Overall, the objectives of the schema design are to facilitate:

Scaleable writes: high-throughput and efficient to free up as much capacity for useful work (reads) as possible.
Scaleable reads: queries can able to be parallelized, and do not become blocked behind writes. They produce sensible query plans that do not result in unnecessary table scans.
Ease of use: readers can use familiar tools and techniques to query the database, without needing to understand the specifics of the schema design. Instead, they can use simple entry points that provide access to data in familiar ledger terms: active contracts, creates, exercises, archives, offsets, etc. Readers do not need to worry about an offset-based model for point-in-time snapshot isolation.
Read consistency: readers can achieve the level of consistency that they require, including consistency with other queries they are conducting.
Crash tollerance: the schema is designed to be simple and ensure recovery from any kind of crash, taking a pessimistic view of what races may occur, however unlikely.
Static schema: the schema is designed to be static and not require any changes to the schema as the ledger evolves, to the extent possible. Note: discovering adding new templates during normal operation does currently require additional table partitions to be created.

Design¶

To facilitate these objectives, the following design approaches have been used:

Concurrent append-only writes: ledger transactions are written with significant parallelism without contention, ensuring that writes can be high-throughput and unconstrained by latency.
Bulk batching: using COPY [2] (not INSERT [3]) to deliver large batches of data efficiently.
Offset indexed: all data is appropriately indexed by offset to provide efficient access to slice the result by offset. BRIN [4] indexes are used to ensure contiguity of data that is often accessed together.
Implicit offset: readers can opt for queries with implicit offset, meaning they can ignore the role of offset in their queries but still receive a stable view of the ledger data. We seek to provide a similar experience to PostgreSQL’s MVCC [5], where users receive consistency benefits without needing to understand the underlying implementation.
Idempotent: PQS is designed to be restarted safely at any time.
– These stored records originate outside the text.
Lemma Rint_dlog_le a b : 1 <= a -> a <= b ->
  Rint_dlog a b <= Rint a b / b + C * (a^-1 - b^-1) * (b - a).
Proof.
move=> a1 ab; have a0 : 0 < a by exact: lt_le_trans a1.
have b0 : 0 < b by exact: lt_le_trans ab.
have igb : mu.-integrable `[a, b] (EFin \o (fun t => g t / b)).
  apply: (@integrable_cc_bounded _ _ _ _ (C / a)) => [|t _].
    apply: measurable_funM; first exact: measurable_cc_ge1.
    exact: measurable_cst.
  exact: normr_g_div_le.
rewrite -lerBlDl /Rint -RintegralZr ?integrable_g_cc //.
rewrite /Rint_dlog -RintegralB //; last exact: integrable_g_div_cc.
apply: le_trans (ler_norm _) _; apply: normr_Rintegral_cc_le => //.
  apply: measurable_funB; first exact: measurable_div_cc_ge1.
  by apply: measurable_funM; [exact: measurable_cc_ge1 | exact: measurable_cst].
move=> t; rewrite in_itv /= => /andP[at_ tb].
have t0 : 0 < t by exact: lt_le_trans at_.
have inv_tb : 0 <= t^-1 - b^-1 by rewrite subr_ge0 lef_pV2 ?posrE.
rewrite -mulrBr normrM (ger0_norm inv_tb) ler_pM ?lerB ?lef_pV2 ?posrE //.
Qed.

Lemma Rlog_int_mul th1 th2 x : 1 <= th1 -> 1 <= th2 -> 1 <= x ->
  Rlog_int (th1 * th2) x = Rlog_int th1 x + Rlog_int th2 (th1 * x).
Proof.
move=> th11 th21 x1; have x0 : 0 <= x by exact: le_trans x1.
have x_le : x <= th1 * x by rewrite ler_peMl.
rewrite /Rlog_int [th1 * th2]mulrC -mulrA (Rint_dlog_split _ _ _ x1 x_le) //.
by rewrite ler_peMl // (le_trans x0 x_le).
Qed.

Lemma Rlog_int_step q y : 1 <= q -> 1 <= y ->
  Rlog_int q y <= cesaro_mean (q * y) - cesaro_mean y / q + C * (q - 1) ^+ 2.
Proof.
move=> q1 y1; have y0 : 0 < y by exact: lt_le_trans y1.
have q0 : 0 < q by exact: lt_le_trans q1.
have y_le : y <= q * y by rewrite ler_peMl // ltW.
apply: le_trans (Rint_dlog_le _ _ y1 y_le) _.
have -> : Rint y (q * y) = Rint 1 (q * y) - Rint 1 y.
  by rewrite (Rint_split 1 y (q * y)) // addrAC subrr add0r.
have -> : (Rint 1 (q * y) - Rint 1 y) / (q * y) =
    cesaro_mean (q * y) - cesaro_mean y / q.
  by rewrite /cesaro_mean; field; rewrite !gt_eqF.
rewrite -mulrA; have -> : (y^-1 - (q * y)^-1) * (q * y - y) = (q - 1) ^+ 2 / q.
  by field; rewrite !gt_eqF.
by rewrite lerD2l ler_wpM2l // ler_pdivrMr // ler_peMr // sqr_ge0.
Qed.
(* Let $\mathbf{z}\sim\mathcal{N}(\mathbf{0},\mathbf{I}_{d\times d})$, $\mathbf{x}\in\mathbb{R}^d$, $y=\langle\mathbf{x},\mathbf{z}\rangle$, and let $\mathbf{D}^*=[\mathbf{v}_1,\dots,\mathbf{v}_n]\in\mathbb{R}^{d\times n}$ be column-orthogonal, with queries $q_i=\langle\mathbf{v}_i,\mathbf{z}\rangle$ whose observed values are $r_i$. If $\mathbf{D}=[\mathbf{d}_1,\dots,\mathbf{d}_n]=\mathbf{D}^*$, then $$f_{\mathbf{D}}\big(\mathbf{x},\{r_{\pi(i)}\}_{i=1}^k\big)=\sum_{i\in S}\langle\mathbf{d}_i,\mathbf{x}\rangle r_i,$$ where $S=\arg\max_{T\subseteq[n],|T|\le k}\sum_{i\in T}|\langle\mathbf{d}_i,\mathbf{x}\rangle|$ is the set of indices of the $k$ largest values of $|\langle\mathbf{d}_i,\mathbf{x}\rangle|$.
   Context: Column-orthogonal means $\mathbf{A}^\top\mathbf{A}=\mathbf{I}$. For a query feature matrix $\mathbf{D}$, the IP-OMP selection rule $\pi:[k]\to[n]$ is defined iteratively for $t=1,\dots,k$ by $\pi(t)=\arg\max_i \frac{|\langle\Pi^\perp_{t-1}\mathbf{d}_i,\Pi^\perp_{t-1}\mathbf{x}\rangle|}{\|\Pi^\perp_{t-1}\mathbf{d}_i\|_2\|\Pi^\perp_{t-1}\mathbf{x}\|_2}$ over not-yet-selected indices, with $\Pi^\perp_{t-1}$ the orthogonal projection onto the orthogonal complement of the span of $\mathbf{d}_{\pi(1)},\dots,\mathbf{d}_{\pi(t-1)}$. $f_{\mathbf{D}}(\mathbf{x},\{r_{\pi(i)}\}_{i=1}^k)$ is the maximum likelihood estimator of $y$ given $q_{\pi(i)}=r_{\pi(i)}$ for $i=1,\dots,k$, where $\pi$ is the IP-OMP selection computed with $\mathbf{D}$. *)

From HB Require Import structures.
From mathcomp Require Import all_boot all_order all_algebra.
From mathcomp Require Import reals sequences exp.
Set Implicit Arguments. Unset Strict Implicit. Unset Printing Implicit Defensive.
Import Order.TTheory GRing.Theory Num.Theory.
Local Open Scope ring_scope.

Section IPOMP.
Variable R : realType.

Definition ip (d : nat) (a b : 'cV[R]_d) : R := (a^T *m b) 0 0.
Definition vnorm (d : nat) (a : 'cV[R]_d) : R := Num.sqrt (ip a a).

(* Orthogonal projection of w onto the column space of B:
   B a where a solves the normal equations B^T B a = B^T w
   (pinvmx is a generalized inverse on the row space). *)
Definition proj_col (d m : nat) (B : 'M[R]_(d, m)) (w : 'cV[R]_d) : 'cV[R]_d :=
  ((w^T *m B *m pinvmx (B^T *m B)) *m B^T)^T.

(* D with the columns outside A set to 0: its column span is span{d_i : i in A}. *)
Definition selcols (d n : nat) (D : 'M[R]_(d, n)) (A : {set 'I_n}) : 'M[R]_(d, n) :=
  D *m diag_mx (\row_i (i \in A)%:R).

Definition perp_proj (d n : nat) (D : 'M[R]_(d, n)) (A : {set 'I_n}) (w : 'cV[R]_d)
  : 'cV[R]_d := w - proj_col (selcols D A) w.

(* The IP-OMP score of index i after having selected the set A
   (division by 0 yields 0, MathComp convention). *)
Definition ipomp_score (d n : nat) (D : 'M[R]_(d, n)) (x : 'cV[R]_d)
  (A : {set 'I_n}) (i : 'I_n) : R :=
  `| ip (perp_proj D A (col i D)) (perp_proj D A x) |
  / (vnorm (perp_proj D A (col i D)) * vnorm (perp_proj D A x)).

(* pi : [k] -> [n] (0-based) is an IP-OMP selection sequence for D and x:
   pi(s) is never a previously selected index and maximizes the score
   among the not-yet-selected indices (any tie-breaking allowed). *)
Definition ipomp_sel (d n k : nat) (D : 'M[R]_(d, n)) (x : 'cV[R]_d)
  (pi : 'I_k -> 'I_n) : Prop :=
  injective pi /\
  forall s : 'I_k,
    let A := [set pi j | j : 'I_k & (j < s)%N] in
    forall i : 'I_n, i \notin A -> ipomp_score D x A i <= ipomp_score D x A (pi s).

Definition is_topk (d n : nat) (D : 'M[R]_(d, n)) (x : 'cV[R]_d) (k : nat)
  (S : {set 'I_n}) : Prop :=
  (#|S| <= k)%N /\
  forall T : {set 'I_n}, (#|T| <= k)%N ->
    \sum_(i in T) `| ip (col i D) x | <= \sum_(i in S) `| ip (col i D) x |.

(* Density (up to a positive constant) of a centered Gaussian N(0, Sigma) on R^m,
   taken w.r.t. Lebesgue measure on its support (the range of Sigma):
   exp(-1/2 w Sigma^+ w^T) on the support, 0 outside.  For invertible Sigma
   this is the usual Gaussian density up to its normalizing constant. *)
Definition gauss_dens (m : nat) (Sigma : 'M[R]_m) (w : 'rV[R]_m) : R :=
  if (w <= Sigma)%MS then expR (- ((w *m pinvmx Sigma *m w^T) 0 0) / 2) else 0.

(* z ~ N(0, I_d); the random vector (y, q_{pi 1}, ..., q_{pi k}) equals M^T z
   with M = [x | d_{pi 1} | ... | d_{pi k}], hence is N(0, M^T M). *)
Definition query_mx (d n k : nat) (D : 'M[R]_(d, n)) (x : 'cV[R]_d)
  (pi : 'I_k -> 'I_n) : 'M[R]_(d, 1 + k) :=
  row_mx x (\matrix_(i < d, j < k) D i (pi j)).

Definition joint_cov (d n k : nat) (D : 'M[R]_(d, n)) (x : 'cV[R]_d)
  (pi : 'I_k -> 'I_n) : 'M[R]_(1 + k) :=
  (query_mx D x pi)^T *m query_mx D x pi.

(* t is a maximum-likelihood estimate of y given q_{pi j} = r_{pi j}, j < k:
   t maximizes the joint density of (y, q_pi) at (t, r_pi), equivalently the
   conditional density of y given the observations. *)
Definition is_MLE (d n k : nat) (D : 'M[R]_(d, n)) (x : 'cV[R]_d)
  (pi : 'I_k -> 'I_n) (r : 'I_n -> R) (t : R) : Prop :=
  let obs := fun u : R => row_mx (u%:M : 'M[R]_1) (\row_(j < k) r (pi j)) in
  0 < gauss_dens (joint_cov D x pi) (obs t) /\
  forall u : R, gauss_dens (joint_cov D x pi) (obs u)
                <= gauss_dens (joint_cov D x pi) (obs t).

End IPOMP.

From HB Require Import structures.
From mathcomp Require Import all_boot all_order all_algebra.
From mathcomp Require Import reals sequences exp.
From mathcomp Require Import ring.
Set Implicit Arguments. Unset Strict Implicit. Unset Printing Implicit Defensive.
Import Order.TTheory GRing.Theory Num.Theory.
Local Open Scope ring_scope.

(* For orthonormal columns, projecting away the selected columns moves neither an
   unselected column d_i nor the value <d_i, x>, so at every step the IP-OMP score
   of d_i is |<d_i, x>| divided by a quantity independent of i: greedy selection
   picks indices of maximal |<d_i, x>|, and an exchange argument shows that these
   form a top-k set.  For the estimator, (y, q_pi) = M^T z with M = [x | E], E the
   selected columns, so its covariance is the Gram matrix of M.  With b = E^T x and
   the Schur complement s = |x|^2 - |b|^2 = |x - E b|^2, the quadratic form at
   (u, rho) is |rho|^2 + (u - <rho, b>)^2 / s when s > 0, while for s = 0 the
   support of the density forces u = <rho, b>.  Either way the density is maximal
   exactly at u = <rho, b> = sum_(i in S) <d_i, x> r_i. *)

Lemma ler_sum_dominant_set (R : realDomainType) (I : finType) (a : I -> R)
    (S T : {set I}) :
  (forall i, 0 <= a i) -> {in ~: S & S, forall i j, a i <= a j} ->
  (#|T| <= #|S|)%N -> \sum_(i in T) a i <= \sum_(i in S) a i.
Proof.
move=> a_ge0 a_dom le_TS.
rewrite (big_setID S) [leRHS](big_setID T) /= setIC lerD2l.
pose c := \big[Order.max/0]_(i in T :\: S) a i.
have le_ac i : i \in T :\: S -> a i <= c by move=> iTS; exact: le_bigmax_cond.
have le_ca j : j \in S :\: T -> c <= a j.
  rewrite inE => /andP[_ jS]; apply: bigmax_le => [|i]; first exact: a_ge0.
  by rewrite !inE => /andP[iS _]; apply: a_dom; rewrite ?inE.
have le_card : (#|T :\: S| <= #|S :\: T|)%N.
  by move: le_TS; rewrite -(cardsID S T) -(cardsID T S) setIC leq_add2l.
apply: (le_trans (ler_sum _ le_ac)); rewrite sumr_const.
apply: (le_trans (ler_wpMn2l _ le_card)); first exact: bigmax_ge_id.
by rewrite -sumr_const; apply: ler_sum.
Qed.

Lemma pinvmx_sym_quad (F : fieldType) m p (A : 'M[F]_m) (v : 'M[F]_(p, m)) :
  A^T = A -> v *m A *m pinvmx A *m (v *m A)^T = v *m A *m v^T.
Proof. by move=> At; rewrite trmx_mul At mulmxA mulmxKpV ?submxMl. Qed.

Lemma residual_gram (F : comRingType) d k (E : 'M[F]_(d, k)) (x : 'cV[F]_d) b :
  E^T *m E = 1%:M -> E^T *m x = b ->
  (x - E *m b)^T *m (x - E *m b) = x^T *m x - b^T *m b.
Proof.
move=> EtE Etx; have xtE : x^T *m E = b^T by rewrite -Etx trmx_mul trmxK.
rewrite [(x - _)^T]raddfB /= trmx_mul mulmxBl !mulmxBr !mulmxA xtE.
rewrite -[b^T *m E^T *m E]mulmxA EtE mulmx1 -[b^T *m E^T *m x]mulmxA Etx.
by rewrite subrr subr0.
Qed.

Lemma colsub_orthonormal (F : nzRingType) d n k (D : 'M[F]_(d, n))
    (pi : 'I_k -> 'I_n) :
  D^T *m D = 1%:M -> injective pi -> (colsub pi D)^T *m colsub pi D = 1%:M.
Proof.
move=> DtD pi_inj; rewrite trmx_mxsub -mxsub_mul DtD.
by apply/matrixP => i j; rewrite !mxE (inj_eq pi_inj).
Qed.

Section InnerProduct.
Variables (R : realType) (d : nat).
Implicit Types a : 'cV[R]_d.

Lemma ip0 a : ip a 0 = 0.
Proof. by rewrite /ip mulmx0 mxE. Qed.

Lemma ip_self_ge0 a : 0 <= ip a a.
Proof. by rewrite /ip mxE; apply: sumr_ge0 => l _; rewrite mxE -expr2 sqr_ge0. Qed.

Lemma ip_self_eq0 a : ip a a = 0 -> a = 0.
Proof.
rewrite /ip mxE => /psumr_eq0P sq_eq0.
apply/matrixP => l j; rewrite ord1 mxE.
have /eqP : a^T 0 l * a l 0 = 0.
  by apply: sq_eq0 => // m _; rewrite mxE -expr2 sqr_ge0.
by rewrite mxE mulf_eq0 orbb => /eqP.
Qed.

Lemma vnorm_eq0 a : vnorm a = 0 -> a = 0.
Proof.
move/eqP; rewrite sqrtr_eq0 => ip_le0; apply: ip_self_eq0.
by apply/eqP; rewrite eq_le ip_le0 ip_self_ge0.
Qed.

End InnerProduct.

Lemma row_mul_trcolsub (R : realType) d n k (D : 'M[R]_(d, n)) (x : 'cV[R]_d)
    (pi : 'I_k -> 'I_n) (r : 'I_n -> R) : injective pi ->
  (\row_j r (pi j) *m ((colsub pi D)^T *m x)) 0 0 =
  \sum_(i in [set pi j | j : 'I_k]) ip (col i D) x * r i.
Proof.
move=> pi_inj; rewrite big_imset /=; last by move=> i j _ _ /pi_inj.
rewrite mxE; apply: eq_bigr => j _; rewrite mulrC /ip !mxE; congr (_ * _).
by apply: eq_bigr => l _; rewrite !mxE.
Qed.

Section OrthonormalColumns.
Variables (R : realType) (d n : nat) (D : 'M[R]_(d, n)).
Hypothesis DtD : D^T *m D = 1%:M.

Lemma ip_col_col i : ip (col i D) (col i D) = 1.
Proof.
have : (D^T *m D) i i = 1 by rewrite DtD mxE eqxx.
by rewrite /ip !mxE => <-; apply: eq_bigr => l _; rewrite !mxE.
Qed.

Lemma vnorm_col i : vnorm (col i D) = 1.
Proof. by rewrite /vnorm ip_col_col sqrtr1. Qed.

Lemma trcol_selcols (A : {set 'I_n}) i :
  i \notin A -> (col i D)^T *m selcols D A = 0.
Proof.
move=> iA; rewrite /selcols tr_col mulmxA -row_mul DtD.
apply/matrixP=> a j; rewrite mul_mx_diag !mxE.
by case: (eqVneq i j) => [<-|_]; rewrite ?(negPf iA) ?mulr0 ?mul0r.
Qed.

Lemma ip_col_perp_proj (A : {set 'I_n}) i w :
  i \notin A -> ip (col i D) (perp_proj D A w) = ip (col i D) w.
Proof.
move=> iA; rewrite /ip /perp_proj /proj_col trmx_mul trmxK mulmxBr mulmxA.
by rewrite trcol_selcols // mul0mx subr0.
Qed.

Lemma perp_proj_col (A : {set 'I_n}) i :
  i \notin A -> perp_proj D A (col i D) = col i D.
Proof.
by move=> iA; rewrite /perp_proj /proj_col trcol_selcols // !mul0mx trmx0 subr0.
Qed.

Lemma ipomp_score_orthonormal x (A : {set 'I_n}) i : i \notin A ->
  ipomp_score D x A i = `|ip (col i D) x| / vnorm (perp_proj D A x).
Proof.
by move=> iA; rewrite /ipomp_score perp_proj_col // ip_col_perp_proj // vnorm_col mul1r.
Qed.

Lemma ipomp_score_le_ip x (A : {set 'I_n}) i j : i \notin A -> j \notin A ->
  ipomp_score D x A i <= ipomp_score D x A j ->
  `|ip (col i D) x| <= `|ip (col j D) x|.
Proof.
move=> iA jA; rewrite !ipomp_score_orthonormal //.
have [/vnorm_eq0 perp_x0 _ | perp_x_neq0] := eqVneq (vnorm (perp_proj D A x)) 0.
  by rewrite -(ip_col_perp_proj x iA) perp_x0 ip0 normr0.
by rewrite ler_pM2r // invr_gt0 lt_def perp_x_neq0 sqrtr_ge0.
Qed.

Lemma ipomp_sel_topk x k (pi : 'I_k -> 'I_n) :
  ipomp_sel D x pi -> is_topk D x k [set pi j | j : 'I_k].
Proof.
move=> [pi_inj pi_greedy].
have cardS : #|[set pi j | j : 'I_k]| = k by rewrite card_imset // card_ord.
split=> [|T]; first by rewrite cardS.
rewrite -{1}cardS => le_TS; apply: ler_sum_dominant_set le_TS.
  by move=> i; exact: normr_ge0.
move=> i _ /[!inE] iS /imsetP[s _ ->].
set A := [set pi j | j : 'I_k & (j < s)%N].
have iA : i \notin A by apply: contra iS => /imsetP[j _ ->]; exact: imset_f.
have sA : pi s \notin A.
  by apply/imsetP => -[j /[!inE] j_lt /pi_inj s_eq]; rewrite s_eq ltnn in j_lt.
exact: ipomp_score_le_ip iA sA (pi_greedy s i iA).
Qed.

End OrthonormalColumns.

Section GaussianObservation.
Variables (R : realType) (d k : nat) (x : 'cV[R]_d) (E : 'M[R]_(d, k)).
Variable rho : 'rV[R]_k.
Hypothesis EtE : E^T *m E = 1%:M.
All state is maintained in the datastore.
Watermarks: a single thread maintains a watermark denoting the most recent contiguous transaction - representing the offset of the most recent consistent ledger transaction. In addition, the watermark processes the “archive” mutation on any archived contracts or interface views, in a batch. This reintroduces data consistency without needing readers to perform complex query paths. This efficiently resolves the uncertainty created by the parallel writes.
Schemaless content: content defined in Daml templates uses the JSONB datatype to store the data. This allows for a schemaless approach and can store any Daml model without needing to change the schema, other than custom JSONB indexes.